#### What is being asked:
The lines from the start of the data through the line with "Import GRing.Theory." are to be returned verbatim; all later lines are to be omitted.
--- --- ---
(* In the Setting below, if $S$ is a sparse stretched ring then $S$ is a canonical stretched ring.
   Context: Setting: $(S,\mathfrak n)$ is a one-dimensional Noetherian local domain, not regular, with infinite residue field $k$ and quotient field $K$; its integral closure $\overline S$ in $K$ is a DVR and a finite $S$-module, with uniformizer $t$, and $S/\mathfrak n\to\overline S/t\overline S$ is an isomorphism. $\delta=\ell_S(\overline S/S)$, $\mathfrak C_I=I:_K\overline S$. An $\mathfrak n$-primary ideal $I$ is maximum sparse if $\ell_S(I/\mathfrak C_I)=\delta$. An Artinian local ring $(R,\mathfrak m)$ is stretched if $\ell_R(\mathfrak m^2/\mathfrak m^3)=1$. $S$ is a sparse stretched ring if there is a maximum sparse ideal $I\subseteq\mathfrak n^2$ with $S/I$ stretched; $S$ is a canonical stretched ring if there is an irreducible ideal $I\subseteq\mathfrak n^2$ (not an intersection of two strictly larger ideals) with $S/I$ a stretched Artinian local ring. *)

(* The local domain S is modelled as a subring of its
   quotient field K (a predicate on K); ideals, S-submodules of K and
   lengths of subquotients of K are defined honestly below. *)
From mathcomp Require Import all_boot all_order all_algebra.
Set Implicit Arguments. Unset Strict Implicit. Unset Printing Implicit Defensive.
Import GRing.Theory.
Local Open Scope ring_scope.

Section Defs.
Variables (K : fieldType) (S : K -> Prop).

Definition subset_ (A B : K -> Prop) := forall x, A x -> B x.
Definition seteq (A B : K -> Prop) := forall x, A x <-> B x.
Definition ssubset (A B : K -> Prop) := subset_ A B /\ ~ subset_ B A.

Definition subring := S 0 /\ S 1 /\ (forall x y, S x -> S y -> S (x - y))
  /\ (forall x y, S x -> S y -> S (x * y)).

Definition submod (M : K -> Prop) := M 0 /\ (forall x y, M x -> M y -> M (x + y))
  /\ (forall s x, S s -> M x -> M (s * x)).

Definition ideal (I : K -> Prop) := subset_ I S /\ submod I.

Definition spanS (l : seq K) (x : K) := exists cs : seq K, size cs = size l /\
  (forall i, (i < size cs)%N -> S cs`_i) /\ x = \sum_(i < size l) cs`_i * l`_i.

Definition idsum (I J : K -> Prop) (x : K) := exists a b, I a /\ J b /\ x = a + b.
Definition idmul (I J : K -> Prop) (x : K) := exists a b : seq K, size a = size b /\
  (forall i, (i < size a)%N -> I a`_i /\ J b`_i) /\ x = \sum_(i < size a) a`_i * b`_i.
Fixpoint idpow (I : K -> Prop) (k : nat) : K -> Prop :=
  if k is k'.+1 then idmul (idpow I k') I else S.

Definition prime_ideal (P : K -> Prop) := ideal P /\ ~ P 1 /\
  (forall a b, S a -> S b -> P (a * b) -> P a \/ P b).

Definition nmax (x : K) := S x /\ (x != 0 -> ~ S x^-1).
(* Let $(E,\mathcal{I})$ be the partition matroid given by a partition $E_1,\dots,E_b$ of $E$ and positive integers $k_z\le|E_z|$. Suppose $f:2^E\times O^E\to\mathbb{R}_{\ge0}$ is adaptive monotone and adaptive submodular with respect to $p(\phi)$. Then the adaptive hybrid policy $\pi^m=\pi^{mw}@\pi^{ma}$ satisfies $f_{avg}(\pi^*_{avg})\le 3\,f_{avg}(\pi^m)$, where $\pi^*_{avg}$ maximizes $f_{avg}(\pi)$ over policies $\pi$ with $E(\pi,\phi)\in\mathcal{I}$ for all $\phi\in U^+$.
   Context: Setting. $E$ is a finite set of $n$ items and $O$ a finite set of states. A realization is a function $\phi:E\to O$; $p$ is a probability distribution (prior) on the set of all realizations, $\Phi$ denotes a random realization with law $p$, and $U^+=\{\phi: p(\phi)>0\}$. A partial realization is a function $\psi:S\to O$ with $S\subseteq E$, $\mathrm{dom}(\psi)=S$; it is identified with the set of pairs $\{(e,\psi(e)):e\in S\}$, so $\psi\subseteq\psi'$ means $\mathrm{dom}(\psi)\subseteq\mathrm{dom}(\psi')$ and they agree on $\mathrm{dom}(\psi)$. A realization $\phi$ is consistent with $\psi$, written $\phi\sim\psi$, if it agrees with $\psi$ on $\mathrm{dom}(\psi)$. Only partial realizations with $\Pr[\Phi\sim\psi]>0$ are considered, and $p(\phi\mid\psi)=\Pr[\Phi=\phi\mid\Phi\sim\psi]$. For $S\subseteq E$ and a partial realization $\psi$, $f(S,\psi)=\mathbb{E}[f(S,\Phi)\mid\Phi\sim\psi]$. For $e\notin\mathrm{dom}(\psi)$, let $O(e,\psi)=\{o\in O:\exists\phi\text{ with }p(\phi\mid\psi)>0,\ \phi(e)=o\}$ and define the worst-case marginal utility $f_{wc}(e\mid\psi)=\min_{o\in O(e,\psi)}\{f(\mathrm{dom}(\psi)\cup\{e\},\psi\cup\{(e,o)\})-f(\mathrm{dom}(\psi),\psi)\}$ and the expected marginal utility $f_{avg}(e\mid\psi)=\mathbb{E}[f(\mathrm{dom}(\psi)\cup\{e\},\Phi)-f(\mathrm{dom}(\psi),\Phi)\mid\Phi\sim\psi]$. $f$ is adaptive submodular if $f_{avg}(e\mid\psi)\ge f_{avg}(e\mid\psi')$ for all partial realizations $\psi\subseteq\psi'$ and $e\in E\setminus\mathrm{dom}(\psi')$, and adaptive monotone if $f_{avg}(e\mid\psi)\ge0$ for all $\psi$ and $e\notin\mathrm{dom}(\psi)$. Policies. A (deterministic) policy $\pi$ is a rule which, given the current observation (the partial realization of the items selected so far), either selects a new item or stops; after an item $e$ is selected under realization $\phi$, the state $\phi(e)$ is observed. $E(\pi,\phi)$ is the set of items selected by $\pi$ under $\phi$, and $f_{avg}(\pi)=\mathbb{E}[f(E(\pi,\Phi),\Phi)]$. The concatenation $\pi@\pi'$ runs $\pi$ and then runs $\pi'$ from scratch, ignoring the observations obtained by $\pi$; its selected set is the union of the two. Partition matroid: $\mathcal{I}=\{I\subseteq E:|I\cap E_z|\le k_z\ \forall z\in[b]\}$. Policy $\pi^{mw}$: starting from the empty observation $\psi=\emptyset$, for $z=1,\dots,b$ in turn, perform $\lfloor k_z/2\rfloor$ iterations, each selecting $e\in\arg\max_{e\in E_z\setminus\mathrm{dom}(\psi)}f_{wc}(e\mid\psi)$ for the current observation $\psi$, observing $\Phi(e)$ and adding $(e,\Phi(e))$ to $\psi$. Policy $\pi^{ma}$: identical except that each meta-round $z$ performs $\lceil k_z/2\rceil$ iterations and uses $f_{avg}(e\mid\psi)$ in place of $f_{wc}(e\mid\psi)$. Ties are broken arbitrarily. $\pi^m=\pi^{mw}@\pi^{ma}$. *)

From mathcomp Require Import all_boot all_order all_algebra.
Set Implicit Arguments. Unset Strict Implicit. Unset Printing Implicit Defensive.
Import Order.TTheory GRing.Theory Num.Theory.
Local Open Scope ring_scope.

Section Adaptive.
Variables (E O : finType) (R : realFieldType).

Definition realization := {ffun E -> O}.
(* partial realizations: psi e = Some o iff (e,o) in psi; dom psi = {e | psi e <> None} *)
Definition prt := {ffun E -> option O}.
--- --- ---
#### Exercise response:
(* In the Setting below, if $S$ is a sparse stretched ring then $S$ is a canonical stretched ring.
   Context: Setting: $(S,\mathfrak n)$ is a one-dimensional Noetherian local domain, not regular, with infinite residue field $k$ and quotient field $K$; its integral closure $\overline S$ in $K$ is a DVR and a finite $S$-module, with uniformizer $t$, and $S/\mathfrak n\to\overline S/t\overline S$ is an isomorphism. $\delta=\ell_S(\overline S/S)$, $\mathfrak C_I=I:_K\overline S$. An $\mathfrak n$-primary ideal $I$ is maximum sparse if $\ell_S(I/\mathfrak C_I)=\delta$. An Artinian local ring $(R,\mathfrak m)$ is stretched if $\ell_R(\mathfrak m^2/\mathfrak m^3)=1$. $S$ is a sparse stretched ring if there is a maximum sparse ideal $I\subseteq\mathfrak n^2$ with $S/I$ stretched; $S$ is a canonical stretched ring if there is an irreducible ideal $I\subseteq\mathfrak n^2$ (not an intersection of two strictly larger ideals) with $S/I$ a stretched Artinian local ring. *)

(* The local domain S is modelled as a subring of its
   quotient field K (a predicate on K); ideals, S-submodules of K and
   lengths of subquotients of K are defined honestly below. *)
From mathcomp Require Import all_boot all_order all_algebra.
Set Implicit Arguments. Unset Strict Implicit. Unset Printing Implicit Defensive.
Import GRing.Theory.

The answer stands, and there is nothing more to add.